◆ **How to complete this task**
From the records below, copy out exactly the lines from the one containing "exists m, typ m = s2 /\" to the one containing "NoDup [x1; y1; x2; y2; x3; y3] ->", both included. Add nothing else.

---- Data listing

(* Let $X$ be a $B_3$ simplicial complex satisfying hypotheses (1)–(6) below. Then $X$ is a flag complex. (1) the link of every vertex is nonempty and connected; (2) links of type $\hat s_1$ vertices have girth at least $8$; (3) the link of a type $\hat s_2$ vertex is complete bipartite with parts the link-vertices of type $\hat s_1$ and of type $\hat s_3$, and contains an embedded 4-cycle; (4) links of type $\hat s_3$ vertices have girth at least $6$; (5a) every closed edge path $x_1,y_1,x_2,y_2$ ($x_i$ type $\hat s_3$, $y_i$ type $\hat s_1$) admits a type $\hat s_2$ vertex $m$ with all $\{m,x_i,y_j\}$ 2-simplices; (5b) every closed edge path $x_1,y_1,x_2,y_2,x_3,y_3$ ($x_i$ type $\hat s_3$, $y_i$ type $\hat s_1$) admits a type $\hat s_3$ vertex $c$ and type $\hat s_2$ vertices $m_1,m_2,m_3$ with $\{m_i,x_i,y_{i-1}\},\{m_i,x_i,y_i\},\{m_i,c,y_{i-1}\},\{m_i,c,y_i\}$ 2-simplices (indices mod 3); (5c) every closed edge path $x_1,y_1,x_2,w,x_3,y_2,x_4,y_3$ ($x_i$ type $\hat s_3$, $y_i$ type $\hat s_2$, $w$ type $\hat s_1$) admits a type $\hat s_1$ vertex $z$ and type $\hat s_2$ vertex $m$ with $\{z,x_1,y_1\},\{z,y_1,x_2\},\{z,x_2,m\},\{z,m,x_3\},\{z,x_3,y_2\},\{z,y_2,x_4\},\{z,x_4,y_3\},\{z,y_3,x_1\},\{m,x_2,w\},\{m,w,x_3\}$ 2-simplices; (6) there is no embedded 10-edge closed edge path whose vertices alternate between types $\hat s_3$ and $\hat s_2$.
   Context: Let $\Delta$ be the spherical triangle on vertices labelled $\hat s_1,\hat s_2,\hat s_3$ with interior angles $\pi/4,\pi/2,\pi/3$ respectively. A $B_3$ simplicial complex is a pure 2-dimensional simplicial complex $X$ with, for each 2-simplex $\sigma$, a simplicial isomorphism $m_\sigma:\sigma\to\Delta$ such that $m_\sigma(v)=m_\tau(v)$ whenever $v\in\sigma\cap\tau$; $m_\sigma(v)$ is the type of $v$. The link $lk(v,X)$ is the graph whose vertices are edges of $X$ at $v$ and whose edges are 2-simplices at $v$; link vertices inherit types from the other endpoint. A simplicial complex is flag if every finite set of pairwise adjacent vertices spans a simplex. *)

From Stdlib Require Import List Arith Relations.
Import ListNotations.

Inductive styp : Type := s1 | s2 | s3.

Section B3.
Context {V : Type}.

(* A B_3 simplicial complex on the vertex type V is given by a type function
   [typ] and the set of its 2-simplices, each 2-simplex {a,b,c} being recorded
   (uniquely) as [tri a b c] with a, b, c of types s1, s2, s3 respectively.
   Purity: every vertex lies in a 2-simplex (every edge is by definition a face
   of a 2-simplex). *)
Definition B3_complex (typ : V -> styp) (tri : V -> V -> V -> Prop) : Prop :=
  (forall a b c, tri a b c -> typ a = s1 /\ typ b = s2 /\ typ c = s3) /\
  (forall v, exists a b c, tri a b c /\ In v [a; b; c]).

Variable tri : V -> V -> V -> Prop.

Definition adj (x y : V) : Prop :=
  x <> y /\ exists a b c, tri a b c /\ In x [a; b; c] /\ In y [a; b; c].

Definition face3 (x y z : V) : Prop :=
  exists a b c, tri a b c /\ In x [a; b; c] /\ In y [a; b; c] /\ In z [a; b; c]
    /\ x <> y /\ y <> z /\ x <> z.

Definition is_simplex (l : list V) : Prop :=
  l <> [] /\ exists a b c, tri a b c /\ forall x, In x l -> In x [a; b; c].

Definition flag : Prop :=
  forall l : list V, l <> [] ->
    (forall x y, In x l -> In y l -> x <> y -> adj x y) -> is_simplex l.

(* The link lk(v,X): its vertices are (the other endpoints u of) the edges {v,u}
   of X, i.e. the u with [adj v u]; its edges are the 2-simplices {v,u,w}. *)
Definition lk_vert (v u : V) : Prop := adj v u.
Definition lk_edge (v u w : V) : Prop := face3 v u w.

Definition lk_nonempty_connected (v : V) : Prop :=
  (exists u, lk_vert v u) /\
  (forall u w, lk_vert v u -> lk_vert v w -> clos_refl_trans V (lk_edge v) u w).

End B3.

Definition cycle_in {V : Type} (E : V -> V -> Prop) (n : nat) : Prop :=
  exists f : nat -> V,
    (forall i j, i < n -> j < n -> f i = f j -> i = j) /\
    (forall i, i < n -> E (f i) (f (S i mod n))).

Definition girth_ge {V : Type} (E : V -> V -> Prop) (k : nat) : Prop :=
  forall n, 3 <= n -> n < k -> ~ cycle_in E n.

(* Adjacent vertices of a B_3 complex have different types, so a clique has at
   most one vertex of each type.  A clique meeting at most two types lies in the
   2-simplex witnessing its edge (or, for a single vertex, given by purity).  A
   clique x, y, z of types s1, s2, s3 is a 2-simplex because lk(y) is complete
   bipartite between its vertices of types s1 and s3, so x and z span an edge of
   lk(y). *)
From Stdlib Require Import List Arith Relations Classical.
Import ListNotations.

Section Flag.

Variables (V : Type) (typ : V -> styp) (tri : V -> V -> V -> Prop).
Hypothesis HX : B3_complex typ tri.

Definition clique (l : list V) : Prop :=
  forall x y, In x l -> In y l -> x <> y -> adj tri x y.

Definition covered_by_tri (l : list V) : Prop :=
  exists a b c, tri a b c /\ forall x, In x l -> In x [a; b; c].

Lemma tri_typ_inj a b c x y :
  tri a b c -> In x [a; b; c] -> In y [a; b; c] -> typ x = typ y -> x = y.
Proof.
  intros Habc Hx Hy.
  destruct (proj1 HX a b c Habc) as (Ta & Tb & Tc).
  simpl in Hx, Hy. intuition (subst; congruence).
Qed.

Lemma adj_typ_neq x y : adj tri x y -> typ x <> typ y.
Proof.
  intros (Hne & a & b & c & Habc & Hx & Hy) T.
  exact (Hne (tri_typ_inj a b c x y Habc Hx Hy T)).
Qed.

Lemma clique_typ_inj l x y :
  clique l -> In x l -> In y l -> typ x = typ y -> x = y.
Proof.
  intros Hl Hx Hy T.
  destruct (classic (x = y)) as [E | E]; [exact E |].
  destruct (adj_typ_neq x y (Hl x y Hx Hy E) T).
Qed.

Lemma exists_typ_rep (l : list V) t :
  l <> [] -> exists u, In u l /\ forall v, In v l -> typ v = t -> typ u = t.
Proof.
  intros Hne.
  destruct (classic (exists v, In v l /\ typ v = t)) as [[v [Hv Tv]] | N].
  - exists v. split; [exact Hv | intros; exact Tv].
  - destruct l as [| h l]; [congruence |].
    exists h. split; [left; reflexivity |].
    intros v Hv Tv. destruct N. exists v. auto.
Qed.

Lemma clique_two_types_covered l t1 t2 :
  l <> [] -> clique l -> (forall v, In v l -> typ v = t1 \/ typ v = t2) ->
  covered_by_tri l.
Proof.
  intros Hne Hl Ht.
  destruct (exists_typ_rep l t1 Hne) as [u [Hu Ru]].
  destruct (exists_typ_rep l t2 Hne) as [w [Hw Rw]].
  assert (Huw : exists a b c, tri a b c /\ In u [a; b; c] /\ In w [a; b; c]).
  { destruct (classic (u = w)) as [<- | E].
    - destruct (proj2 HX u) as (a & b & c & Habc & Hua). exists a, b, c. auto.
    - exact (proj2 (Hl u w Hu Hw E)). }
  destruct Huw as (a & b & c & Habc & Hua & Hwa).
  exists a, b, c. split; [exact Habc |].
  intros v Hv. destruct (Ht v Hv) as [T | T].
  - rewrite (clique_typ_inj l v u Hl Hv Hu); [exact Hua |].
    rewrite T. symmetry. exact (Ru v Hv T).
  - rewrite (clique_typ_inj l v w Hl Hv Hw); [exact Hwa |].
    rewrite T. symmetry. exact (Rw v Hv T).
Qed.

Hypothesis s2_link_complete : forall y x z,
  typ y = s2 -> adj tri y x -> adj tri y z -> typ x = s1 -> typ z = s3 ->
  face3 tri y x z.

Lemma clique_three_types_covered l x y z :
  clique l -> In x l -> In y l -> In z l ->
  typ x = s1 -> typ y = s2 -> typ z = s3 -> covered_by_tri l.
Proof.
  intros Hl Hx Hy Hz Tx Ty Tz.
  assert (Ayx : adj tri y x) by (apply Hl; auto; intros ->; congruence).
  assert (Ayz : adj tri y z) by (apply Hl; auto; intros ->; congruence).
  destruct (s2_link_complete y x z Ty Ayx Ayz Tx Tz)
    as (a & b & c & Habc & Hya & Hxa & Hza & _).
  exists a, b, c. split; [exact Habc |].
  intros v Hv. destruct (typ v) eqn:Tv.
  - rewrite (clique_typ_inj l v x); auto; congruence.
  - rewrite (clique_typ_inj l v y); auto; congruence.
  - rewrite (clique_typ_inj l v z); auto; congruence.
Qed.

Lemma clique_covered l : l <> [] -> clique l -> covered_by_tri l.
Proof.
  intros Hne Hl.
  destruct (classic (exists x, In x l /\ typ x = s1)) as [[x [Hx Tx]] | N1].
  2: { apply (clique_two_types_covered l s2 s3 Hne Hl).
       intros v Hv. destruct (typ v) eqn:Tv; auto. destruct N1. eauto. }
  destruct (classic (exists y, In y l /\ typ y = s2)) as [[y [Hy Ty]] | N2].
  2: { apply (clique_two_types_covered l s1 s3 Hne Hl).
       intros v Hv. destruct (typ v) eqn:Tv; auto. destruct N2. eauto. }
  destruct (classic (exists z, In z l /\ typ z = s3)) as [[z [Hz Tz]] | N3].
  2: { apply (clique_two_types_covered l s1 s2 Hne Hl).
       intros v Hv. destruct (typ v) eqn:Tv; auto. destruct N3. eauto. }
  exact (clique_three_types_covered l x y z Hl Hx Hy Hz Tx Ty Tz).
Qed.

End Flag.

Theorem mainTheorem4 (V : Type) (typ : V -> styp) (tri : V -> V -> V -> Prop)
  (HX : B3_complex typ tri)
  (* (1) *)
  (H1 : forall v, lk_nonempty_connected tri v)
  (* (2) *)
  (H2 : forall v, typ v = s1 -> girth_ge (lk_edge tri v) 8)
  (* (3) *)
  (H3 : forall v, typ v = s2 ->
     (forall u w, lk_vert tri v u -> lk_vert tri v w ->
        (lk_edge tri v u w <->
           ((typ u = s1 /\ typ w = s3) \/ (typ u = s3 /\ typ w = s1)))) /\
     cycle_in (lk_edge tri v) 4)
  (* (4) *)
  (H4 : forall v, typ v = s3 -> girth_ge (lk_edge tri v) 6)
  (* (5a) *)
  (H5a : forall x1 y1 x2 y2,
     typ x1 = s3 -> typ x2 = s3 -> typ y1 = s1 -> typ y2 = s1 ->
     NoDup [x1; y1; x2; y2] ->
     adj tri x1 y1 -> adj tri y1 x2 -> adj tri x2 y2 -> adj tri y2 x1 ->
     exists m, typ m = s2 /\
       face3 tri m x1 y1 /\ face3 tri m x1 y2 /\
       face3 tri m x2 y1 /\ face3 tri m x2 y2)
  (* (5b) *)
  (H5b : forall x1 y1 x2 y2 x3 y3,
     typ x1 = s3 -> typ x2 = s3 -> typ x3 = s3 ->
     typ y1 = s1 -> typ y2 = s1 -> typ y3 = s1 ->
     NoDup [x1; y1; x2; y2; x3; y3] ->
     adj tri x1 y1 -> adj tri y1 x2 -> adj tri x2 y2 -> adj tri y2 x3 ->
     adj tri x3 y3 -> adj tri y3 x1 ->
     exists c m1 m2 m3, typ c = s3 /\ typ m1 = s2 /\ typ m2 = s2 /\ typ m3 = s2 /\
       face3 tri m1 x1 y3 /\ face3 tri m1 x1 y1 /\
       face3 tri m1 c y3 /\ face3 tri m1 c y1 /\
       face3 tri m2 x2 y1 /\ face3 tri m2 x2 y2 /\
       face3 tri m2 c y1 /\ face3 tri m2 c y2 /\
       face3 tri m3 x3 y2 /\ face3 tri m3 x3 y3 /\
       face3 tri m3 c y2 /\ face3 tri m3 c y3)
  (* (5c) *)
  (H5c : forall x1 y1 x2 w x3 y2 x4 y3,
     typ x1 = s3 -> typ x2 = s3 -> typ x3 = s3 -> typ x4 = s3 ->
     typ y1 = s2 -> typ y2 = s2 -> typ y3 = s2 -> typ w = s1 ->
     NoDup [x1; y1; x2; w; x3; y2; x4; y3] ->
     adj tri x1 y1 -> adj tri y1 x2 -> adj tri x2 w -> adj tri w x3 ->
     adj tri x3 y2 -> adj tri y2 x4 -> adj tri x4 y3 -> adj tri y3 x1 ->
     exists z m, typ z = s1 /\ typ m = s2 /\
       face3 tri z x1 y1 /\ face3 tri z y1 x2 /\ face3 tri z x2 m /\
       face3 tri z m x3 /\ face3 tri z x3 y2 /\ face3 tri z y2 x4 /\
       face3 tri z x4 y3 /\ face3 tri z y3 x1 /\
       face3 tri m x2 w /\ face3 tri m w x3)
  (* (6) *)
  (H6 : ~ exists f : nat -> V,
     (forall i j, i < 10 -> j < 10 -> f i = f j -> i = j) /\
     (forall i, i < 10 ->
        adj tri (f i) (f (S i mod 10)) /\
        ((typ (f i) = s3 /\ typ (f (S i mod 10)) = s2) \/
         (typ (f i) = s2 /\ typ (f (S i mod 10)) = s3)))) :
  flag tri.
Proof.
  intros l Hne Hl. split; [exact Hne |].
  apply (clique_covered V typ tri HX); [| exact Hne | exact Hl].
  intros y x z Ty Ayx Ayz Tx Tz.
  exact (proj2 (proj1 (H3 y Ty) x z Ayx Ayz) (or_introl (conj Tx Tz))).
Qed.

--------

◆ **Result below**
     exists m, typ m = s2 /\
       face3 tri m x1 y1 /\ face3 tri m x1 y2 /\
       face3 tri m x2 y1 /\ face3 tri m x2 y2)
  (* (5b) *)
  (H5b : forall x1 y1 x2 y2 x3 y3,
     typ x1 = s3 -> typ x2 = s3 -> typ x3 = s3 ->
     typ y1 = s1 -> typ y2 = s1 -> typ y3 = s1 ->
     NoDup [x1; y1; x2; y2; x3; y3] ->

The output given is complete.